A SKIBBEREN councillor has criticised Cork County Council’s plans to upgrade the town’s Bring (waste recycling) Site, using direct labour.  

Not even news that work had already started on the site at Marsh Road in Skibbereen could induce Cllr Joe Carroll (FF) to say he was pleased with the decision.

The councillor has been complaining for two years about the lack of action regarding the proposed €250,000 upgrade of the facility.

As part of the upgrade, the ‘new’ facility will be able to take domestic refuse because, at present, there is nowhere in Skibbereen where a homeowner, or a visitor, can legally dispose of domestic waste unless they travel to Derryconnell outside Ballydehob, or the Civic Amenity Site in Clonakilty.

Cllr Carroll said he had given up asking: ‘Will it ever take place?’ And his tone was scathing when he said he had heard that the plans to do some of the public realm works in Skibbereen, as well as upgrading the Town Hall, are also to be by ‘direct labour.’

The councillor said he wanted to know where this direct labour was coming from because the existing local authority employees already have enough work to do.

‘Who are these local crews?’ asked Cllr Carroll, ‘Are they going to come from Santy?’

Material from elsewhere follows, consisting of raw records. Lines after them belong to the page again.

Lemma size_separated_seq t W s :
  0 < #|W| -> #|W| <= f * 2 ^ t ->
  edges_ok s -> all (fun e => e \subset W) s -> separated_seq s ->
  size s < (f * t.+1).+1 * #|W|.
Proof.
have [N] := ubnP #|W|; elim: N => // N IH in t W s *.
rewrite ltnS => leWN W0 leWt ok_s sW sep_s.
case: t leWt => [|t] leWt.
  have := size_edges_le_bin2 ok_s sW; rewrite bin2 expn0 muln1 in leWt *; nia.
case/lastP: s ok_s sW sep_s => [|s e] ok_s sW sep_s; first by rewrite muln_gt0.
move: sep_s => /separated_seq_rcons [sep_s sep_e].
move: sW; rewrite all_rcons => /andP [eW sW].
have {}ok_s : edges_ok s := edges_ok_subseq (subseq_rcons s e) ok_s.
have [X [x [y [_ xS yD small lowX]]]] := exists_small_side sep_e eW.
set S := W :&: X in xS small lowX *; set D := W :\: X in yD *.
have card_SD : #|S| + #|D| = #|W| := cardsID X W.
have S0 : 0 < #|S| by apply/card_gt0P; exists x.
have D0 : 0 < #|D| by apply/card_gt0P; exists y.
pose inside (Y : {set T}) (e : {set T}) := e \subset Y.
have IH_on (Y : {set T}) t' : #|Y| < N -> 0 < #|Y| -> #|Y| <= f * 2 ^ t' ->
    count (inside Y) s < (f * t'.+1).+1 * #|Y|.
  move=> ltYN Y0 leYt; rewrite -size_filter; apply: IH => //.
  - exact: edges_ok_subseq (filter_subseq _ s) ok_s.
  - by apply/allP => e'; rewrite mem_filter => /andP [].
  - exact: separated_seq_filter.
have leSt : #|S| <= f * 2 ^ t by rewrite expnS in leWt; nia.
have sizeS := IH_on S t ltac:(lia) S0 leSt.
have sizeD := IH_on D t.+1 ltac:(lia) D0 ltac:(lia).
have cross : count (fun c => ~~ inside S c && ~~ inside D c) s <= f * #|S|.
  exact: count_crossing_le ok_s sW lowX.
have size_split : size s <= count (inside S) s + count (inside D) s +
    count (fun c => ~~ inside S c && ~~ inside D c) s.
  have -> : count (fun c => ~~ inside S c && ~~ inside D c) s =
            count (predC (predU (inside S) (inside D))) s.
    by apply: eq_count => c; rewrite /= negb_or.
  rewrite -(count_predC (predU (inside S) (inside D))) leq_add2r.
  by rewrite -count_predUI leq_addr.
rewrite size_rcons; nia.
Qed.
End Separation.

Section Cuts.
Variables (T : finType) (f : nat) (es H : seq {set T}) (F : Fset T).
Hypotheses (sub_H : {subset H <= es}) (degF : degF_le es F f).

Lemma adjF_sym : symmetric (adjF H F).
Proof.
by move=> a b; rewrite /adjF setUC eq_sym; case: (a \in F.1); case: (b \in F.1).
Qed.

Definition component (u : T) : {set T} :=
  [set z | z \notin F.1 & connect (adjF H F) u z].

Lemma low_outdeg_component u : low_outdeg f H (component u).
Proof.
move=> a; rewrite inE => /andP [aF ua].
have deg_a : degv es F a <= f by move/forallP/(_ a)/implyP/(_ aF): degF.
apply: leq_trans deg_a; apply/subset_leq_card/subsetP => z.
rewrite !inE negb_and negbK => /andP [z_out az].
have za : z != a by apply: contraTneq z_out => ->; rewrite (negbTE aF) ua.
rewrite za setUC (sub_H az) /=; apply: contraTT z_out => /norP [zF azF].
rewrite (negbTE zF) negbK; apply: connect_trans ua (connect1 _).
by rewrite /adjF aF zF eq_sym za az.
Qed.

Lemma separated_of_cut (e : {set T}) :
  #|e| == 2 -> ~~ damages F e -> disconn H F e -> separated f H e.
Proof.
move=> /cards2P [u [v [uv ->]]].
rewrite /damages negb_or => /andP [/existsPn undamaged _].
have [uF vF] : u \notin F.1 /\ v \notin F.1.
  by split; [move: (undamaged u) | move: (undamaged v)]; rewrite !inE !eqxx ?orbT.
move=> /forall_inP/(_ u (set21 u v))/forall_inP/(_ v (set22 u v))/implyP/(_ uv) disc.
exists (component u), (component v), u, v; split => //.
- by rewrite inE uF connect0.
- by rewrite inE vF connect0.
- apply/pred0P => z /=; rewrite !inE.
  apply/negP => /andP [/andP [_ uz] /andP [_ vz]]; move/negP: disc; apply.
  by apply: connect_trans uz _; rewrite (sym_connect_sym adjF_sym).
- by split; apply: low_outdeg_component.
Qed.

End Cuts.

Lemma separated_seq_blocking (T : finType) (es : seq {set T}) f :
  edges_ok es -> has_MFD_blocking_set es f -> separated_seq f es.
Proof.
move=> /andP [_ al2] [Fs blocking] i lt_i.
have [_ undamaged disc degF] := blocking i lt_i.
apply: (separated_of_cut _ degF) => //; first exact: mem_take.
exact: allP al2 _ (mem_nth set0 lt_i).
Qed.

Section Greedy.
Variables (T : finType) (es : seq {set T}) (f : nat).

Lemma greedy_subseq s : subseq (foldl (greedy_step es f) [::] s) s.
Proof.
elim/last_ind: s => [//|s e IH]; rewrite foldl_rcons /greedy_step.
case: ifP => _; last exact: subseq_trans IH (subseq_rcons s e).
by rewrite -!cats1 cat_subseq.
Qed.

Lemma greedy_separated s : edges_ok es -> {subset s <= es} ->
  separated_seq f (foldl (greedy_step es f) [::] s).
Proof.
move=> /andP [_ al2]; elim/last_ind: s => [_ i //|s e IH] sub_es.
have sub_s : {subset s <= es}.
  by move=> x xs; apply: sub_es; rewrite mem_rcons inE xs orbT.
rewrite foldl_rcons /greedy_step.
case: ifP => [/existsP [F /and4P [_ degF undamaged disc]] | _]; last exact: IH.
apply/separated_seq_rcons; split; first exact: IH.
apply: (separated_of_cut _ degF) => //.
  by move=> x /(mem_subseq (greedy_subseq s)); apply: sub_s.
by apply: (allP al2); apply: sub_es; rewrite mem_rcons mem_head.
Qed.

End Greedy.

Lemma exists_pow2_bracket n f : 0 < f -> 8 * f <= n ->
  exists2 k, 3 <= k & f * 2 ^ k <= n < f * 2 ^ k.+1.
Proof.
move=> f0 large; have q0 : 0 < n %/ f by rewrite divn_gt0 //; lia.
have /andP [lo hi] := trunc_log_bounds (isT : 1 < 2) q0.
set k := trunc_log 2 (n %/ f) in lo hi.
have lt_n : n < f * 2 ^ k.+1.
  by apply: leq_trans (ltn_ceil n f0) _; rewrite [_ * f]mulnC leq_mul2l hi orbT.
exists k; last rewrite lt_n andbT.
  rewrite -ltnS; apply: (@ltn_pexp2l 2) => //; rewrite -(ltn_pmul2l f0).
  by apply: leq_ltn_trans _ lt_n; rewrite mulnC.
by apply: leq_trans (leq_divM n f); rewrite [_ * f]mulnC leq_mul2l lo orbT.
Qed.

Section Logarithm.
Local Open Scope R_scope.

Lemma INR_expn (m k : nat) : INR (m ^ k)%N = INR m ^ k.
Proof. by elim: k => [//|k IH]; rewrite expnS mult_INR IH. Qed.

Lemma INR_le_log2_div (k n f : nat) : (0 < f)%N -> (f * 2 ^ k <= n)%N ->
  INR k <= log2 (INR n / INR f).
Proof.
move=> f0 le_n.
have f0R : 0 < INR f by apply/lt_0_INR/ltP.
have pow_le : 2 ^ k <= INR n / INR f.
  apply: (Rmult_le_reg_l (INR f)) => //.
  rewrite Rmult_div_assoc Rmult_div_r; last lra.
  by have := le_INR _ _ (elimT leP le_n); rewrite mult_INR INR_expn.
have ln2 : 0 < ln 2 by rewrite -ln_1; apply: ln_increasing; lra.
rewrite /log2; apply: (Rmult_le_reg_r (ln 2)) => //.
rewrite /Rdiv Rmult_assoc Rinv_l ?Rmult_1_r -?ln_pow; try lra.
case: (Rle_lt_or_eq_dec _ _ pow_le) => [lt|->]; last lra.
by apply/Rlt_le/ln_increasing => //; apply: pow_lt; lra.
Qed.

Lemma size_separated_seq_log (T : finType) (s : seq {set T}) f :
  edges_ok s -> (1 <= f)%N -> (8 * f <= #|T|)%N -> separated_seq f s ->
  INR (size s) <= 2 * INR f * INR #|T| * log2 (INR #|T| / INR f).
Proof.
move=> ok_s f0 large sep_s.
have [k k3 /andP [le_n lt_n]] := exists_pow2_bracket f0 large.
have size_lt : (size s < (f * k.+2).+1 * #|T|)%N.
  rewrite -cardsT; apply: size_separated_seq ok_s _ sep_s; rewrite ?cardsT //.
  - by lia.
  - exact: ltnW.
  - by apply/allP => e _; apply: subsetT.
have size_le : (size s <= 2 * f * #|T| * k)%N by nia.
apply: Rle_trans (le_INR _ _ (elimT leP size_le)) _.
rewrite !mult_INR; apply: Rmult_le_compat_l; last exact: INR_le_log2_div le_n.
by apply: Rmult_le_pos; [apply: Rmult_le_pos; [simpl; lra|] |]; apply: pos_INR.
Qed.

End Logarithm.

Theorem mainTheorem4 :
  exists C : R,
    (forall (T : finType) (es : seq {set T}) (f : nat),
        edges_ok es -> (1 <= f)%N -> (10 * f < #|T|)%N ->
        has_MFD_blocking_set es f ->
        Rle (INR (size es)) (Rmult (Rmult (Rmult C (INR f)) (INR #|T|)) (log2 (Rdiv (INR #|T|) (INR f)))))
    /\
    (forall (T : finType) (es : seq {set T}) (f : nat),
        edges_ok es -> (1 <= f)%N -> (10 * f < #|T|)%N ->
        Rle (INR (size (FTGreedyMFDCertificate es f)))
            (Rmult (Rmult (Rmult C (INR f)) (INR #|T|)) (log2 (Rdiv (INR #|T|) (INR f))))).
Proof.
exists (2 : R); split=> T es f ok_es f0 large.
  move=> /(separated_seq_blocking ok_es) sep_es.
  by apply: size_separated_seq_log => //; lia.
apply: size_separated_seq_log => //.
- exact: edges_ok_subseq (greedy_subseq _ _ _) ok_es.
- by lia.
- exact: greedy_separated.
Qed.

But the divisional manager, Clodagh Henehan, rejected Cllr Carroll’s assertion that Skibbereen was being left in the ha’penny place.

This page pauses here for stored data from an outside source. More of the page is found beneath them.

Lemma isotropic_complete (u : 'rV[C]_r) :
  omega Q u u = 0 -> u != 0 -> (2 <= r)%N ->
  exists L : 'M[C]_r,
    [/\ L *m Q *m L^T = 0, (u <= L)%MS & \rank L = (r %/ 2)%N].
Proof.
move=> uu u_nz r_ge2.
suff grow k : (k < r %/ 2)%N -> exists L : 'M[C]_r,
    [/\ L *m Q *m L^T = 0, (u <= L)%MS & \rank L = k.+1].
  by have := grow (r %/ 2).-1; rewrite prednK ?divn_gt0 //; apply.
elim: k => [_ | k IHk k_lt].
  exists <<u>>%MS; rewrite !genmxE rank_rV u_nz; split=> //.
  apply: (@isotropic_submx _ _ _ u); first by rewrite genmxE.
  by rewrite omega_mx11 uu raddf0.
have [L [LL uL rL]] := IHk (ltnW k_lt).
have [|L' [LL' LL'sub rL']] := isotropic_extend LL.
  by have := leq_divM r 2; rewrite rL; lia.
by exists L'; split; [| apply: submx_trans uL LL'sub | rewrite rL' rL].
Qed.

(* For isotropic [e] the division by zero makes this the identity matrix. *)
Definition reflection (e : 'rV[C]_r) : 'M[C]_r :=
  1%:M - (2 / omega Q e e) *: (Q *m e^T *m e).

Lemma reflectionE e v :
  v *m reflection e = v - (2 * omega Q v e / omega Q e e) *: e.
Proof.
rewrite mulmxBr mulmx1 -scalemxAr !mulmxA omega_mx11 mul_scalar_mx.
by rewrite scalerA mulrAC.
Qed.

Lemma exists_isotropic_nonorthogonal e w :
  omega Q e e != 0 -> omega Q w w != 0 -> omega Q w e = 0 ->
  exists u, omega Q u u = 0 /\ omega Q u e != 0.
Proof.
move=> ee ww we; have [t et] := quadratic_root (omega Q e w) (omega Q e e) ww.
exists (e + t *: w); split; first by rewrite omega_expand.
by rewrite omegaDl omegaZl we mulr0 addr0.
Qed.
(* Let $I$ be the tridendriform ideal of $\mathcal{A}$ generated by $\{x\cdot y: x,y\in\mathcal{A}^+\}$. Then $I$ is a $(3,2)$-dendriform biideal of $(\mathcal{A},\prec,\cdot,\succ,\Delta_\leftarrow,\Delta_\rightarrow)$: it is a tridendriform ideal, $\varepsilon(I)=0$, and $\Delta_\leftarrow(I)\subseteq I\otimes\mathcal{A}+\mathcal{A}\otimes I$, $\Delta_\rightarrow(I)\subseteq I\otimes\mathcal{A}+\mathcal{A}\otimes I$.
   Context: Trees: planar rooted trees in which every internal vertex has at least two children; the root vertex hangs from a trunk edge; leaves are edges without upper vertex; $|$ is the one-leaf tree; $\mathcal A$ is the $\mathbb K$-span of all trees, $\mathcal A^+$ that of trees $\neq|$. Products: $x_0\vee\cdots\vee x_k$ ($k\ge1$) grafts trees left to right on a new root; for $x=x^{(0)}\vee\cdots\vee x^{(k)}$, $y=y^{(0)}\vee\cdots\vee y^{(l)}$: $x\prec y=x^{(0)}\vee\cdots\vee x^{(k-1)}\vee(x^{(k)}*y)$, $x\cdot y=x^{(0)}\vee\cdots\vee x^{(k-1)}\vee(x^{(k)}*y^{(0)})\vee y^{(1)}\vee\cdots\vee y^{(l)}$, $x\succ y=(x*y^{(0)})\vee y^{(1)}\vee\cdots\vee y^{(l)}$, $*=\prec+\cdot+\succ$, $|*z=z*|=z$; for $a\in\mathcal A^+$: $|\prec a=0$, $a\prec|=a$, $|\succ a=a$, $a\succ|=0$, $|\cdot a=a\cdot|=0$. $\varepsilon(|)=1$, $\varepsilon(\mathcal A^+)=0$. A tridendriform ideal is a subspace $J$ such that $x\ltimes y\in J$ whenever $x\in J$ or $y\in J$ (and the product is defined), for $\ltimes\in\{\prec,\cdot,\succ\}$. Admissible cuts: internal edges join two internal vertices; a cut is a nonempty set of internal edges, plus the empty and total (below the root) cuts; admissible if every root-to-leaf path meets at most one chosen edge; $P^c(t)$ the component containing the root, $G^c(t)$ the $*$-product of the cut-off trees from left to right (empty cut: $P^c=t,G^c=|$; total cut: $P^c=|,G^c=t$). For $t\ne|$: $\Delta_\leftarrow(t)=\sum G^c(t)\otimes P^c(t)$ over admissible cuts with the right-most leaf of $t$ not in $P^c(t)$, $\Delta_\rightarrow(t)$ the sum over the other admissible cuts. *)

From HB Require Import structures.
From mathcomp Require Import all_boot all_order all_algebra.
From mathcomp Require Import freeg.
Set Implicit Arguments. Unset Strict Implicit. Unset Printing Implicit Defensive.
Import GRing.Theory.
Local Open Scope ring_scope.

She said: ‘The area engineers have evaluated it and said it is within their capacity.’ 

However, she did make the point that there are elements of these projects that will be outsourced and completed by a contractor. 

In relation to the Bring Site, she said: ‘We did look at contracting the whole job out, but the value of the tender was very high.’ 

Ultimately, she said the tenders that were received were ‘non-compliant and could not be approved’ so to progress the work more swiftly, the Council decided to do the work through direct labour. But the councillor didn’t let the subject rest. He said: ‘I am living in Skibbereen and I don’t know who these people are.’ 

He pointed out that the former Town Council members had set aside funding from development charges for the upgrading of the Town Hall. 

And added: ‘For four years we have been promising people.’

The divisional manager repeated her comments that some of the work at the Town Hall, some of the work on the town’s public realm – namely pavement works – and some of the works at the Bring Site, could be done by direct labour and that they would be ‘carried out very soon.’